SlackWebhookURL string
}
🥐 Now go to a Slack community of your choice where you have the permission to create a new Incoming Webhook.
🥐 Once you have the Webhook URL, set it as an Encore secret:
$ encore secret set --type dev,local,pr SlackWebhookURLEnter secret value: *****Successfully updated development secret SlackWebhookURL.
🥐 Test the slack.Notify
endpoint by calling it via cURL:
$ curl 'http://localhost:4000/slack.Notify' -d '{"Text": "Testing Slack webhook"}'
You should see the Testing Slack webhook message appear in the Slack channel you designated for the webhook.
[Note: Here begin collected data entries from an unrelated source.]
Lemma cB_cycle a b d : cB a b d = cB b d a.
Proof.
rewrite !cB_killing killing_bracket killing_basisl killing_basisr.
by apply: eq_bigr => k _; rewrite B_sym.
Qed.

Lemma cB_antil a b d : cB a b d = - cB b a d.
Proof. by rewrite /cB -sumrN; apply: eq_bigr => k _; rewrite sconst_anti mulNr. Qed.

Lemma killing_simple_orth (S T : pred 'I_N) a b :
  simple_in c T ->
  (forall a b k, T a -> T b -> ~~ T k -> c a b k = 0) ->
  (forall a b k, S a -> T b -> c a b k = 0) ->
  S a -> T b -> B a b = 0.
Proof.
move=> [[X0 [Y0 [TX0 [TY0 [k0 nz0]]]]] T_simple] cTT cST Sa Tb.
have brST X Y : supported S X -> supported T Y -> forall k, lie_bracket c X Y k = 0.
  move=> SX TY k; apply: (bracket_supported (U := pred0) _ SX TY) => // x y z Sx Ty _.
  exact: cST.
pose I Y := supported T Y /\ forall Z, supported S Z -> killing c Z Y = 0.
have I_bracket X Y : supported T X -> supported T Y -> I (lie_bracket c X Y).
  move=> TX TY; split; first exact: bracket_supported TX TY.
  by move=> Z SZ; rewrite -killing_bracket killing0l // => k; apply: brST.
have I_ideal : ideal_in c T I.
  split=> [X [] //|]; split=> [|X Y TX [TY _]]; last exact: I_bracket.
  split; first by split=> [k _|Z _] //; rewrite killing0r.
  split=> [X Y [TX SX] [TY SY]|t X [TX SX]]; split=> [k Tk|Z SZ].
  - by rewrite TX // TY // addr0.
  - by rewrite killingDr SX // SY // addr0.
  - by rewrite TX // mulr0.
  - by rewrite killingZr SX // mulr0.
have [I0|Iall] := T_simple I I_ideal.
  by rewrite (I0 _ (I_bracket _ _ TX0 TY0) k0) eqxx in nz0.
exact: (Iall _ (supported_basis Tb)).2 _ (supported_basis Sa).
Qed.

Section ScaledInvariantMetric.
Variable mu : 'I_N -> R.
Hypothesis mu_neq0 : forall a, mu a != 0.
Hypothesis B_mu : forall a b, mu a * B a b = mu b * B a b.

Definition scaled_gram : 'M[R]_N := \matrix_(x, y) (mu x * B x y).

Hypothesis scaled_gram_unit : scaled_gram \in unitmx.

Local Notation G := scaled_gram.
Local Notation H := (invmx scaled_gram).

Lemma scaled_gramE a b : G a b = mu a * B a b.
Proof. by rewrite mxE. Qed.

Lemma mulmxV_gram a b : \sum_w G a w * H w b = e b a.
Proof.
have := mulmxV scaled_gram_unit; move/matrixP => /(_ a b); rewrite !mxE => ->.
by rewrite /basis_vec eq_sym.
Qed.

Lemma mulVmx_gram a b : \sum_w H a w * G w b = e b a.
Proof.
have := mulVmx scaled_gram_unit; move/matrixP => /(_ a b); rewrite !mxE => ->.
by rewrite /basis_vec eq_sym.
Qed.

Lemma H_sym a b : H a b = H b a.
Proof.
have GT : G^T = G by apply/matrixP => x y; rewrite !mxE B_mu B_sym.
by have /matrixP/(_ b a) := trmx_inv G; rewrite GT mxE.
Qed.

Lemma H_mu a b : mu a * H a b = mu b * H a b.
Proof.
suff Gmu : forall x y, G x y * mu y = mu x * G x y.
  by rewrite -(invmx_diag_comm scaled_gram_unit Gmu) mulrC.
by move=> x y; rewrite !mxE [in RHS]B_mu; ring.
Qed.

Lemma sconst_lower x y z : c x y z = \sum_w cB x y w * mu w * H w z.
Proof.
transitivity (\sum_k c x y k * \sum_w G k w * H w z).
  by under eq_bigr do rewrite mulmxV_gram; rewrite sum_basis_vecr.
rewrite /cB; under eq_bigr do rewrite mulr_sumr.
rewrite exchange_big; apply: eq_bigr => w _.
rewrite !mulr_suml; apply: eq_bigr => k _.
by rewrite scaled_gramE B_mu; ring.
Qed.
(* Let $\Xi$ be a $(k+l)$-graph such that for every vertex $v$ and every $j\in\{1,\dots,l\}$ we have $|v\Xi^{(0,e_j)}|=|\Xi^{(0,e_j)}v|=1$. Then for each vertex $v$ and $m\in\mathbb{N}^l$ there is a unique path $\eta_{v,m}\in\Xi^{(0,m)}v$, and there is a unique action $\alpha$ of $\mathbb{Z}^l$ on the $k$-graph $\Xi^{(\mathbb{N}^k,0)}$ by automorphisms satisfying $\alpha_m(\xi)=(\eta_{r(\xi),m}\xi)(0,d(\xi))$ for all $\xi\in\Xi^{(\mathbb{N}^k,0)}$ and $m\in\mathbb{N}^l$. Moreover, $\Xi$ is isomorphic to $\Xi^{(\mathbb{N}^k,0)}\times_\alpha\mathbb{Z}^l$.
   Context: A $k$-graph is a countable category with a functor $d$ to $\mathbb{N}^k$ with the unique factorisation property; vertices are degree-$0$ morphisms, $\Xi^n=d^{-1}(n)$, $v\Xi^n=\Xi^n\cap r^{-1}(v)$, $\Xi^nv=\Xi^n\cap s^{-1}(v)$. We identify $\mathbb{N}^{k+l}=\mathbb{N}^k\times\mathbb{N}^l$; $e_j$ is the $j$th generator of $\mathbb{N}^l$. For $\lambda$ of degree $p$ and $0\le n\le p$, $\lambda(0,n)$ is the unique path of degree $n$ with $\lambda=\lambda(0,n)\lambda'$ for some $\lambda'$. $\Xi^{(\mathbb{N}^k,0)}$ is the $k$-graph with morphisms $\bigcup_{p\in\mathbb{N}^k}\Xi^{(p,0)}$ and degree given by the first $k$ coordinates of $d$. An automorphism is a bijective degree-preserving functor. Given an action $\alpha$ of $\mathbb{Z}^l$ on a $k$-graph $\Lambda$, $\Lambda\times_\alpha\mathbb{Z}^l$ is the $(k+l)$-graph with morphisms $\Lambda\times\mathbb{N}^l$, degree $(d(\lambda),m)$, $r(\lambda,m)=(r(\lambda),0)$, $s(\lambda,m)=(\alpha_{-m}(s(\lambda)),0)$, $(\mu,m)(\nu,n)=(\mu\alpha_m(\nu),m+n)$. An isomorphism of $(k+l)$-graphs is a bijective degree-preserving functor. *)

From mathcomp Require Import all_boot all_algebra.
Set Implicit Arguments. Unset Strict Implicit. Unset Printing Implicit Defensive.
Import GRing.Theory.
Local Open Scope ring_scope.

Definition NN (k : nat) := {ffun 'I_k -> nat}.
Definition ZZ (l : nat) := {ffun 'I_l -> int}.

Definition join k l (p : NN k) (m : NN l) : NN (k + l) :=
  [ffun i => match split i with inl a => p a | inr b => m b end].
Definition degk k l (x : NN (k + l)) : NN k := [ffun a => x (lshift l a)].
Definition degl k l (x : NN (k + l)) : NN l := [ffun b => x (rshift k b)].
Definition gen l (j : 'I_l) : NN l := [ffun i => nat_of_bool (i == j)].
Definition toZ l (m : NN l) : ZZ l := [ffun i => (m i)%:Z].

(** Graph data: a category presented through its morphisms only (objects =
    identity morphisms = vertices), range r, source s, composition as a
    relation  gcomp mu nu lam  meaning  lam = mu nu  (defined iff s mu = r nu),
    and a degree map. *)
Record gdata (D : Type) := GData {
  gMor : Type;
  gr : gMor -> gMor;
  gs : gMor -> gMor;
  gcomp : gMor -> gMor -> gMor -> Prop;
  gd : gMor -> D }.

Definition countable (T : Type) := exists f : T -> nat, injective f.

Definition is_category D (G : gdata D) : Prop :=
  (forall x : gMor G, gr (gr x) = gr x /\ gs (gr x) = gr x) /\
  (forall x : gMor G, gs (gs x) = gs x /\ gr (gs x) = gs x) /\
  (forall mu nu : gMor G, gs mu = gr nu <-> exists lam, gcomp mu nu lam) /\
  (forall mu nu lam lam' : gMor G, gcomp mu nu lam -> gcomp mu nu lam' -> lam = lam') /\
  (forall mu nu lam : gMor G, gcomp mu nu lam -> gr lam = gr mu /\ gs lam = gs nu) /\
  (forall x : gMor G, gcomp (gr x) x x /\ gcomp x (gs x) x) /\
  (forall mu nu rho a b c : gMor G, gcomp mu nu a -> gcomp a rho b -> gcomp nu rho c ->
     gcomp mu c b).

Definition is_kgraph k (G : gdata (NN k)) : Prop :=
  [/\ countable (gMor G), is_category G,
      (forall mu nu lam : gMor G, gcomp mu nu lam -> gd lam = gd mu + gd nu) &
      (forall (lam : gMor G) (m n : NN k), gd lam = m + n ->
         exists! mn : gMor G * gMor G,
           [/\ gd mn.1 = m, gd mn.2 = n & gcomp mn.1 mn.2 lam])].

Definition vertex D (z : D) (G : gdata D) (v : gMor G) := gd v = z.

(** lam(0,n): the unique path mu of degree n with lam = mu lam' *)
Definition seg0 D (G : gdata D) (lam : gMor G) (n : D) (mu : gMor G) :=
  gd mu = n /\ exists lam', gcomp mu lam' lam.

Definition functor D (G H : gdata D) (F : gMor G -> gMor H) :=
  [/\ (forall x : gMor G, F (gr x) = gr (F x)),
      (forall x : gMor G, F (gs x) = gs (F x)) &
      (forall mu nu lam : gMor G, gcomp mu nu lam -> gcomp (F mu) (F nu) (F lam))].

Definition graph_iso D (G H : gdata D) (F : gMor G -> gMor H) :=
  [/\ bijective F, functor F & forall x : gMor G, gd (F x) = gd x].
(* Let $1\le d<n$ be integers. Then there exists an independent set $\mathcal{A}\subseteq\mathcal{A}(n,d)$ with $|\mathcal{A}|=\binom{n-1}{d}$.
   Context: For integers $1\le d<n$, let $I(n,d)$ be the set of all subsets of $[n]=\{1,\dots,n\}$ of cardinality $d+1$. For $I\in I(n,d)$, let $A_I$ be the set of all $d$-tuples with pairwise distinct entries taken from $I$ (so $|A_I|=(d+1)!$), and let $\mathcal{A}(n,d)=\{A_I : I\in I(n,d)\}$. For $\mathcal{A}\subseteq\mathcal{A}(n,d)$, a $d$-tuple $t$ is called unique with respect to $\mathcal{A}$ if there exists $A\in\mathcal{A}$ with $t\in A$ and $t\notin A'$ for every $A'\in\mathcal{A}\setminus\{A\}$. A set $\mathcal{A}\subseteq\mathcal{A}(n,d)$ is called independent if every nonempty subset of $\mathcal{A}$ has at least one $d$-tuple that is unique with respect to that subset. *)

(* The ground set [n] = {1..n} is modelled by 'I_n = {0..n-1}. *)
From mathcomp Require Import all_boot.
Set Implicit Arguments. Unset Strict Implicit. Unset Printing Implicit Defensive.

Definition A_I (n d : nat) (I : {set 'I_n}) : {set d.-tuple 'I_n} :=
  [set t : d.-tuple 'I_n | uniq t && all (fun x => x \in I) t].

Definition calA (n d : nat) : {set {set d.-tuple 'I_n}} :=
  [set A_I d I | I in [set I : {set 'I_n} | #|I| == d.+1]].

Definition unique_wrt (n d : nat) (F : {set {set d.-tuple 'I_n}}) (t : d.-tuple 'I_n) : Prop :=
  exists2 A, A \in F & (t \in A) /\ forall A', A' \in F -> A' != A -> t \notin A'.

Definition independent (n d : nat) (F : {set {set d.-tuple 'I_n}}) : Prop :=
  forall G : {set {set d.-tuple 'I_n}}, G \subset F -> G != set0 ->
    exists t : d.-tuple 'I_n, unique_wrt G t.

From mathcomp Require Import all_boot.

(* Work on [n] = 'I_m.+1 and fix the point 0.  The "star" family
   consists of the sets A_I with 0 \in I, i.e. I = 0 |: J for a d-subset J of
   [n] \ {0}; there are 'C(m, d) = 'C(n - 1, d) of them.  Each member A_I has a
   private tuple: the increasing enumeration of J lies in A_{0 |: J'} only if
   J \subset 0 |: J', which (0 \notin J, equal sizes) forces J' = J. *)

Set Implicit Arguments.
Unset Strict Implicit.
Unset Printing Implicit Defensive.

(* A tuple lying in one member of F and in no other one witnesses uniqueness
   in every subfamily containing that member; hence families all of whose
   members have such a private tuple are independent. *)
Lemma private_tuples_independent (n d : nat) (F : {set {set d.-tuple 'I_n}}) :
  (forall A, A \in F ->
     exists2 t : d.-tuple 'I_n, t \in A & forall A', A' \in F -> t \in A' -> A' = A) ->
  independent F.
Proof.
move=> priv G sGF /set0Pn[A AG].
have [t tA tpriv] := priv A (subsetP sGF A AG).
exists t; exists A => //; split => // A' A'G.
by apply: contra => tA'; apply/eqP/tpriv => //; apply: (subsetP sGF).
Qed.

Lemma enum_tuple_exists (n d : nat) (J : {set 'I_n}) :
  #|J| = d -> exists t : d.-tuple 'I_n, val t = enum J.
Proof.
move=> cJ; have sz : size (enum J) == d by rewrite -cardE cJ.
by exists (Tuple sz).
Qed.

Lemma enum_tuple_in_A_I (n d : nat) (J I : {set 'I_n}) (t : d.-tuple 'I_n) :
  val t = enum J -> (t \in A_I d I) = (J \subset I).
Proof.
move=> tJ; rewrite inE tJ enum_uniq /=.
apply/allP/subsetP => sub x; last by rewrite mem_enum => /sub.
by move=> xJ; apply: sub; rewrite mem_enum.
Qed.

Lemma subset_setU1_eq (T : finType) (x : T) (J J' : {set T}) :
  x \notin J -> #|J'| <= #|J| -> J \subset x |: J' -> J = J'.
Proof.
move=> xJ cJ' /subsetP sJ; apply/eqP; rewrite eqEcard cJ' andbT.
apply/subsetP => y yJ; move: (sJ y yJ); rewrite in_setU1 => /orP[/eqP yx|//].
by rewrite -yx yJ in xJ.
Qed.

Section Star.

Variables m d : nat.
Local Notation T := 'I_m.+1.

Definition petals : {set {set T}} :=
  [set J : {set T} | (J \subset [set~ ord0]) && (#|J| == d)].

Definition star_family : {set {set d.-tuple T}} :=
  [set A_I d (ord0 |: J) | J in petals].

Lemma petalsP (J : {set T}) : J \in petals -> ord0 \notin J /\ #|J| = d.
Proof.
rewrite inE => /andP[/subsetP sJ /eqP cJ]; split => //.
by apply/negP => /sJ; rewrite !inE eqxx.
Qed.

Lemma petal_private_tuple (J : {set T}) : J \in petals ->
  exists2 t : d.-tuple T, t \in A_I d (ord0 |: J) &
    forall J', J' \in petals -> t \in A_I d (ord0 |: J') -> J = J'.
Proof.
move=> /petalsP[J0 cJ]; have [t tJ] := enum_tuple_exists cJ.
exists t; first by rewrite (enum_tuple_in_A_I _ tJ) subsetUr.
move=> J' /petalsP[_ cJ']; rewrite (enum_tuple_in_A_I _ tJ).
by apply: subset_setU1_eq; rewrite // cJ cJ'.
Qed.

Lemma petal_A_I_inj : {in petals &, injective (fun J => A_I d (ord0 |: J))}.
Proof.
move=> J J' JP J'P eA; have [t tJ tpriv] := petal_private_tuple JP.
by apply: tpriv; rewrite // -eA.
Qed.

Lemma star_family_independent : independent star_family.
Proof.
apply: private_tuples_independent => _ /imsetP[J JP ->].
have [t tJ tpriv] := petal_private_tuple JP.
exists t => // _ /imsetP[J' J'P ->] tJ'.
by rewrite (tpriv J').
Qed.

Lemma star_family_sub_calA : star_family \subset calA m.+1 d.
Proof.
apply/subsetP => _ /imsetP[J /petalsP[J0 cJ] ->].
by apply/imsetP; exists (ord0 |: J); rewrite // inE cardsU1 J0 cJ.
Qed.

Lemma card_star_family : #|star_family| = 'C(m, d).
Proof.
by rewrite card_in_imset; [rewrite cards_draws cardsC1 card_ord | exact: petal_A_I_inj].
Qed.

End Star.

Theorem mainTheorem4 (n d : nat) (hd : 1 <= d) (hdn : d < n) :
  exists F : {set {set d.-tuple 'I_n}},
    [/\ F \subset calA n d, independent F & #|F| = 'C(n.-1, d)].
Proof.
case: n hdn => [//|m] _.
exists (star_family m d); split.
- exact: star_family_sub_calA.
- exact: star_family_independent.
- exact: card_star_family.
Qed.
🥐 When it works it's time to add a Pub/Sub subscriber to automatically notify Slack when a monitored site goes up or down. Add the following:
slack/slack.goimport (
"encore.dev/pubsub"
"encore.app/monitor"
)
var _ = pubsub.NewSubscription(monitor.TransitionTopic, "slack-notification", pubsub.SubscriptionConfig[*monitor.TransitionEvent]{
Handler: func(ctx context.Context, event *monitor.TransitionEvent) error {
// Compose our message.
msg := fmt.Sprintf("*%s is down!*", event.Site.URL)
if event.Up {
msg = fmt.Sprintf("*%s is back up.*", event.Site.URL)
}
// Send the Slack notification.
return Notify(ctx, &NotifyParams{Text: msg})
},
})
8. Deploy your finished Uptime Monitor
Now you're ready to deploy your finished Uptime Monitor, complete with a Slack integration.
🥐 As before, deploying your app to the cloud is as simple as running:
$ git add -A .$ git commit -m 'Add slack integration'$ git push encore
Celebrate with fireworks
Now that your app is running in the cloud, let's celebrate with some fireworks:
🥐 In the Cloud Dashboard, open the Command Menu by pressing Cmd + K (Mac) or Ctrl + K (Windows/Linux).
From here you can easily access all Cloud Dashboard features and for example jump straight to specific services in the Service Catalog or view Traces for specific endpoints.
🥐 Type fireworks
in the Command Menu and press enter. Sit back and enjoy the show!
Conclusion
We've now built a fully functioning uptime monitoring system.
If we may say so ourselves (and we may; it's our documentation after all) it's pretty remarkable how much we've accomplished in such little code:
- We've built three different services (
site
,monitor
, andslack
) - We've added two databases (to the
site
andmonitor
services) for tracking monitored sites and the monitoring results - We've added a cron job for automatically checking the sites every hour
- We've set up a Pub/Sub topic to decouple the monitoring system from the Slack notifications
- We've added a Slack integration, using secrets to securely store the webhook URL, listening to a Pub/Sub subscription for up/down transition events
All of this in just a bit over 300 lines of code. It's time to lean back and take a sip of your favorite beverage, safe in the knowledge you'll never be caught unaware of a website going down suddenly.